## EXERCISE
Retype every entry below without any change.

Stored data entries:
BEGIN
Theorem proposition3p3 (gT : finGroupType) (G : {group gT}) (H2 : pgroup 2 G) :
  ((19%:R / 43%:R < psi' G)%R ->
     Mgroup G /\
     ((exists k : nat, is_cyclic2 G k)
      \/ (exists k : nat, (2 <= k)%N /\ is_cyc_x_C2 G k)
      \/ (exists k : nat, (4 <= k)%N /\ is_M G k)
      \/ is_Q G 3)) /\
  (psi' G = (19%:R / 43%:R)%R -> is_D8 G) /\
  ((31%:R / 77%:R < psi' G)%R -> (psi' G < 19%:R / 43%:R)%R -> is_Q G 4).
Proof.
move: (logn 2 #|G|) (card_pgroup H2) => n oG.
have C_gt0 : (0 < psiC (2 ^ n))%N by have := psiC_pow2 n; lia.
rewrite /psi' oG !ltr_nat_ratio //.
have eq_ratio : ((psi G)%:R / (psiC (2 ^ n))%:R = 19%:R / 43%:R :> rat)%R ->
    (psi G * 43 = 19 * psiC (2 ^ n))%N.
  by move/eqP; rewrite eqr_nat_ratio // => /eqP.
case: (psiP H2 oG) (psiC_pow2 n) => [? | ? MG cycG | ? MG ? cxcG | ? MG ? modG
    | n3 ? D8 | n3 ? MG Q8 | n4 ? Q16] EC; try subst n;
  (split; [move=> ? | split=> [/eq_ratio ? | ? ?]]); try done; try (exfalso; lia).
- by split; [| left; exists n].
- by split; [| right; left; exists n].
- by split; [| right; right; left; exists n].
- by split; [| right; right; right].
Qed.
Lemma glevel_mono {L L' : nat} : (L <= L')%N -> (glevel L <= glevel L')%N.
Proof.
move=> LL'; have [->//|level_pos] := posnP (glevel L).
have [lt_L ghat_le] := glevel_attain level_pos.
by apply: glevel_ge; [exact: leq_trans lt_L LL'|exact: leq_trans ghat_le LL'].
Qed.

Definition yorioka_gauge (x : R) : R :=
  if x <= 0 then 0 else 2 ^- glevel (dyadic_scale x).

(* Values of the gauge; f(x) -> 0 since level(scale x) -> oo as x -> 0+. *)
Lemma yorioka_gauge_ge0 (x : R) : 0 <= yorioka_gauge x.
Proof. by rewrite /yorioka_gauge; case: ifP => // _; exact: p2V_ge0. Qed.

Lemma yorioka_gauge_pos {x : R} : 0 < x -> yorioka_gauge x = 2 ^- glevel (dyadic_scale x).
Proof. by move=> x0; rewrite /yorioka_gauge leNgt x0. Qed.

Lemma gauge_yorioka_gauge : gauge yorioka_gauge.
Proof.
split; [|split; [|split]].
- move=> x y x0 xy; rewrite /yorioka_gauge.
  case: ifPn => [_|]; first by case: ifP => // _; exact: p2V_ge0.
  rewrite -ltNge => x_pos; rewrite ifF; last by rewrite leNgt (lt_le_trans x_pos xy).
  exact/p2V_le/glevel_mono/dyadic_scale_anti.
- by move=> x _; exact: yorioka_gauge_ge0.
- by rewrite /yorioka_gauge lexx.
- apply/cvgrPdist_lt => e e0.
  have [S S_small] := p2V_small _ e0.
  pose L0 := maxn (ghat (4 ^ S.+1)) S.+1.
  near=> x.
  have x0 : 0 < x by near: x; exact: nbhs_right_gt.
  have /(dyadic_scale_ge x0) L0_le : x <= 2 ^- L0 by near: x; apply: nbhs_right_le; exact: p2V_gt0.
  rewrite sub0r normrN ger0_norm ?yorioka_gauge_ge0 // yorioka_gauge_pos //.
  apply/S_small/glevel_ge; apply: leq_trans L0_le.
  + by rewrite leq_maxr.
  + by rewrite leq_maxl.
Unshelve. all: by end_near.
Qed.

End YoriokaGauge.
END
## SOLUTION TO THIS TASK
Theorem proposition3p3 (gT : finGroupType) (G : {group gT}) (H2 : pgroup 2 G) :
  ((19%:R / 43%:R < psi' G)%R ->
     Mgroup G /\
     ((exists k : nat, is_cyclic2 G k)
      \/ (exists k : nat, (2 <= k)%N /\ is_cyc_x_C2 G k)
      \/ (exists k : nat, (4 <= k)%N /\ is_M G k)
      \/ is_Q G 3)) /\
  (psi' G = (19%:R / 43%:R)%R -> is_D8 G) /\
  ((31%:R / 77%:R < psi' G)%R -> (psi' G < 19%:R / 43%:R)%R -> is_Q G 4).
Proof.
move: (logn 2 #|G|) (card_pgroup H2) => n oG.
have C_gt0 : (0 < psiC (2 ^ n))%N by have := psiC_pow2 n; lia.
rewrite /psi' oG !ltr_nat_ratio //.
have eq_ratio : ((psi G)%:R / (psiC (2 ^ n))%:R = 19%:R / 43%:R :> rat)%R ->
    (psi G * 43 = 19 * psiC (2 ^ n))%N.
  by move/eqP; rewrite eqr_nat_ratio // => /eqP.
case: (psiP H2 oG) (psiC_pow2 n) => [? | ? MG cycG | ? MG ? cxcG | ? MG ? modG
    | n3 ? D8 | n3 ? MG Q8 | n4 ? Q16] EC; try subst n;
  (split; [move=> ? | split=> [/eq_ratio ? | ? ?]]); try done; try (exfalso; lia).
- by split; [| left; exists n].
- by split; [| right; left; exists n].
- by split; [| right; right; left; exists n].
- by split; [| right; right; right].
Qed.
Lemma glevel_mono {L L' : nat} : (L <= L')%N -> (glevel L <= glevel L')%N.
Proof.
move=> LL'; have [->//|level_pos] := posnP (glevel L).
have [lt_L ghat_le] := glevel_attain level_pos.
by apply: glevel_ge; [exact: leq_trans lt_L LL'|exact: leq_trans ghat_le LL'].
Qed.

Definition yorioka_gauge (x : R) : R :=
  if x <= 0 then 0 else 2 ^- glevel (dyadic_scale x).

(* Values of the gauge; f(x) -> 0 since level(scale x) -> oo as x -> 0+. *)
Lemma yorioka_gauge_ge0 (x : R) : 0 <= yorioka_gauge x.
Proof. by rewrite /yorioka_gauge; case: ifP => // _; exact: p2V_ge0. Qed.

Lemma yorioka_gauge_pos {x : R} : 0 < x -> yorioka_gauge x = 2 ^- glevel (dyadic_scale x).
Proof. by move=> x0; rewrite /yorioka_gauge leNgt x0. Qed.

Lemma gauge_yorioka_gauge : gauge yorioka_gauge.
Proof.
split; [|split; [|split]].
- move=> x y x0 xy; rewrite /yorioka_gauge.
  case: ifPn => [_|]; first by case: ifP => // _; exact: p2V_ge0.
  rewrite -ltNge => x_pos; rewrite ifF; last by rewrite leNgt (lt_le_trans x_pos xy).
  exact/p2V_le/glevel_mono/dyadic_scale_anti.
- by move=> x _; exact: yorioka_gauge_ge0.
- by rewrite /yorioka_gauge lexx.
- apply/cvgrPdist_lt => e e0.
  have [S S_small] := p2V_small _ e0.
  pose L0 := maxn (ghat (4 ^ S.+1)) S.+1.
  near=> x.
  have x0 : 0 < x by near: x; exact: nbhs_right_gt.
  have /(dyadic_scale_ge x0) L0_le : x <= 2 ^- L0 by near: x; apply: nbhs_right_le; exact: p2V_gt0.
  rewrite sub0r normrN ger0_norm ?yorioka_gauge_ge0 // yorioka_gauge_pos //.
  apply/S_small/glevel_ge; apply: leq_trans L0_le.
  + by rewrite leq_maxr.
  + by rewrite leq_maxl.
Unshelve. all: by end_near.
Qed.

End YoriokaGauge.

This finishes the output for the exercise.